The Harrow School is home to privileged adolescents known as much for their distinctive dress and traditions as for their arrogance and schoolboy cruelty. Seventeen-year-old American Andrew Taylor is enrolled in the esteemed British institution by his father, who hopes that the school's discipline will put some distance between his son and his troubled past in the States.

But trouble—and danger—seem to follow Andrew. When one of his schoolmates and friends dies mysteriously of a severe pulmonary illness, Andrew is blamed and is soon an outcast, spurned by nearly all his peers. And there is the pale, strange boy who begins to visit him at night. Either Andrew is losing his mind, or the house legend about his dormitory being haunted is true.

When the school's poet-in-residence, Piers Fawkes, is commissioned to write a play about Byron, one of Harrow's most famous alumni, he casts Andrew in the title role. Andrew begins to discover uncanny links between himself and the renowned poet. In his loneliness and isolation, Andrew becomes obsessed with Lord Byron's story and the poet's status not only as a literary genius and infamous seducer but as a student at the very different Harrow of two centuries prior—a place rife with violence, squalor, incurable diseases, and tormented love affairs.

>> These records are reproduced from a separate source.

(* Existence of a depth-decomposition (a path of length r(M)). *)
Lemma dd_exists (E : finType) (M : matroid E) :
  exists k, asbool (has_dd_of_depth M k).
Proof.
set r := rk M (ground M).
pose par (i : 'I_r.+1) : 'I_r.+1 := inord i.-1.
have iterP (i : 'I_r.+1) k : val (iter k par i) = i - k.
  elim: k => [|k IH] /=; first by rewrite subn0.
  rewrite /par inordK; first by rewrite IH subnS.
  exact: leq_ltn_trans (leq_pred _) (ltn_ord _).
have par0 : par ord0 = ord0 by apply: val_inj; rewrite /par /= inordK.
have reach v : fconnect par v ord0.
  have -> : ord0 = iter v par v by apply: val_inj; rewrite iterP subnn.
  exact: fconnect_iter.
pose T := RTree par0 reach.
pose f := fun _ : E => (ord_max : 'I_r.+1).
have Hed : [set v | v != troot T] = [set~ ord0].
  by apply/setP => v; rewrite !inE.
exists (tdepth T); apply/asboolP; exists 'I_r.+1, T, f; split => //; split.
  by rewrite /tedges Hed cardsC1 card_ord.
move=> X HX; have [-> | [x Hx]] := set_0Vmem X.
  by apply: leq_trans (rk_card (sub0set _)) _; rewrite cards0.
have -> : tstar_edges T f X = r.
  apply: eq_trans (_ : #|[set~ (ord0 : 'I_r.+1)]| = r); last first.
    by rewrite cardsC1 card_ord.
  rewrite /tstar_edges; apply: eq_card => u; rewrite !inE.
  case: eqP => //= _; apply/existsP; exists x; rewrite Hx /=.
  have -> : u = iter (r - u) par ord_max.
    by apply: val_inj; rewrite iterP /= subKn // -ltnS.
  exact: fconnect_iter.
exact: rk_mono (subxx _) HX.
Qed.

Definition bd (E : finType) (M : matroid E) : nat := ex_minn (dd_exists M).

(* Deleting or contracting one element e lowers the rank of the ground set by
   d <= 1.  If d = 0, a depth-decomposition (T, f) of the matroid is still one of
   the minor.  If d = 1, then f e is not the root (as r {e} >= 1) and we contract
   the tree edge between f e and its parent: this removes one edge, does not
   increase the depth, and shrinks ||T^*(X)|| by one exactly when f e lies on a
   root path of f(X); then T^*(X) = T^*(X + e), and the rank bound for X + e pays
   for the lost edge.  Any minor is reached one element at a time. *)

From HB Require Import structures.
From mathcomp Require Import all_boot zify.

Set Implicit Arguments.
Unset Strict Implicit.
Unset Printing Implicit Defensive.

Lemma findex_le_iter (V : finType) (f : V -> V) x y m :
  iter m f x = y -> findex f x y <= m.
Proof.
move=> fmx; have xy : fconnect f x y by rewrite -fmx fconnect_iter.
case: (ltnP m (order f x)) => [m_lt|m_ge]; first by rewrite -fmx findex_iter.
exact: ltnW (leq_trans (findex_max xy) m_ge).
Qed.

Definition tstar (E V : finType) (T : rtree V) (f : E -> V) (X : {set E}) :=
  [set u | (u != troot T) && [exists x in X, fconnect (tpar T) (f x) u]].

Lemma tstar_edgesE (E V : finType) (T : rtree V) (f : E -> V) X :
  tstar_edges T f X = #|tstar T f X|.
Proof. by []. Qed.

Section RootedTree.
Variables (V : finType) (T : rtree V).
Local Notation p := (tpar T).

Lemma iter_tpar_root n : iter n p (troot T) = troot T.
Proof. by elim: n => //= n ->; exact: tpar_root. Qed.

Lemma tpar_neq {v : V} : v != troot T -> p v != v.
Proof.
move=> v_nonroot; apply: contra v_nonroot => /eqP pv.
have iter_v n : iter n p v = v by elim: n => //= n ->.
by rewrite -(iter_findex (treach T v)) iter_v.
Qed.

Lemma tstar_edges_root (E : finType) (f : E -> V) e :
  f e = troot T -> tstar_edges T f [set e] = 0.
Proof.
move=> fe_root; apply/eqP; rewrite cards_eq0; apply/eqP/setP => u.
rewrite !inE; apply/negbTE/andP => [[u_nonroot /existsP[x]]].
rewrite inE => /andP[/eqP-> /iter_findex]; rewrite fe_root iter_tpar_root => ru.
by rewrite -ru eqxx in u_nonroot.
Qed.

Lemma tstar_setU1 (E : finType) (f : E -> V) e X :
  f e \in tstar T f X -> tstar T f (e |: X) = tstar T f X.
Proof.
rewrite inE => /andP[_ /existsP[y /andP[yX y_fe]]].
apply/setP => u; rewrite !inE; case: (u != _) => //=.
apply/existsP/existsP => [[x /andP[]]|[x /andP[xX xu]]]; last first.
  by exists x; rewrite in_setU1 xX orbT.
rewrite in_setU1 => /orP[/eqP-> eu|xX xu]; last by exists x; rewrite xX.
by exists y; rewrite yX (connect_trans y_fe).
Qed.

End RootedTree.

(* Contracting the edge between a non-root vertex v and its parent: v is
   removed and its children are reattached to the parent of v. *)
Section ContractVertex.
Variables (V : finType) (T : rtree V) (v : V).
Hypothesis v_nonroot : v != troot T.
Local Notation p := (tpar T).

Definition skipv x := if x == v then p v else x.
Definition cstep x := skipv (p x).

Lemma skipv_neq x : skipv x != v.
Proof. by rewrite /skipv; case: (eqVneq x v) => // _; exact: tpar_neq v_nonroot. Qed.

Lemma fconnect_skipv x w : w != v -> fconnect p (skipv x) w = fconnect p x w.
Proof.
move=> wv; rewrite /skipv; case: eqVneq => [->|//].
by rewrite [RHS]fconnect_eqVf eq_sym (negbTE wv).
Qed.

Lemma fconnect_iter_cstep m x : fconnect p x (iter m cstep x).
Proof.
elim: m x => [|m IH] x; first exact: connect0.
rewrite iterSr; apply: connect_trans (IH _).
rewrite /cstep /skipv; case: eqVneq => [<-|_]; last exact: fconnect1.
exact: connect_trans (fconnect1 _ _) (fconnect1 _ _).
Qed.

Lemma iter_cstep_le n x y : x != v -> y != v -> iter n p x = y ->
  exists2 m, m <= n & iter m cstep x = y.
Proof.
elim/ltn_ind: n x => -[|n] IH x xv yv; first by move=> /= <-; exists 0.
rewrite iterSr; case: (eqVneq (p x) v) => pxv; last first.
  move=> /(IH n (ltnSn n) _ pxv yv)[m mn pxy].
  by exists m.+1; rewrite // iterSr /cstep /skipv (negbTE pxv).
case: n IH => [_ /= pxy|n IH]; first by rewrite -pxy pxv eqxx in yv.
rewrite iterSr pxv => pvy.
have [m mn pvy'] := IH n (leqW (ltnSn n)) (p v) (tpar_neq v_nonroot) yv pvy.
by exists m.+1; rewrite ?ltnS ?(leqW mn) // iterSr /cstep /skipv pxv eqxx.
Qed.

Definition cvertex := {u : V | u != v}.

Lemma troot_neq : troot T != v. Proof. by rewrite eq_sym. Qed.

Definition croot : cvertex := Sub (troot T) troot_neq.
Definition cpar (u : cvertex) : cvertex := Sub (cstep (val u)) (skipv_neq _).

Lemma cpar_root : cpar croot = croot.
Proof. by apply: val_inj; rewrite /= /cstep tpar_root /skipv (negbTE troot_neq). Qed.

Lemma val_iter_cpar n u : val (iter n cpar u) = iter n cstep (val u).
Proof. by elim: n => //= n ->. Qed.

Lemma fconnect_cpar u w : fconnect cpar u w = fconnect p (val u) (val w).
Proof.
apply/idP/idP => [/iter_findex <-|/iter_findex].
  by rewrite val_iter_cpar fconnect_iter_cstep.
case/(iter_cstep_le (valP u) (valP w)) => m _ uw.
have -> : w = iter m cpar u by apply: val_inj; rewrite val_iter_cpar.
exact: fconnect_iter.
Qed.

When frightening and tragic events from that long-ago past start to recur in Harrow's present, and when the dark and deadly specter by whom Andrew's been haunted seems to be all too real, Andrew is forced to solve a two-hundred-year-old literary mystery that threatens the lives of his friends and his teachers—and, most terrifyingly, his own.

Review:   The setting of the poem, a 400-year-old boys' boarding school in London is perfect for a ghost story IMO.  The atmosphere is gothic, haunting, dark, and curious.  I also liked that the story revolved around the poet Lord Byron who I only knew of by name.  I don't think I've ever read any of his poems until I started reading the book, read a few verses, and also learned some interesting tidbits about his personal life which involved relationships and dalliances with lots of women...and young men.

The writer presents the story in a rich descriptive style which for me, made the book much more engaging.  I could picture the school, the Lot where Andrew stayed, the basement, the library, etc.  The dialog between the characters didn't seem forced and was witty at times.  He also did a great job building up the tension whenever the ghost appeared and in describing how ghastly the ghost looked with the white hair, sunken eyes, and the awful sound of his raspy breathing.  

The ending didn't turn out exactly the way I had hoped and was a bit sad.  The ghost was determined to have Byron all to himself again and nothing was going to get in his way; he killed and would attempt to kill others to get to Andrew.  Andrew just happened to be in the wrong place and resembling Byron didn't help at all.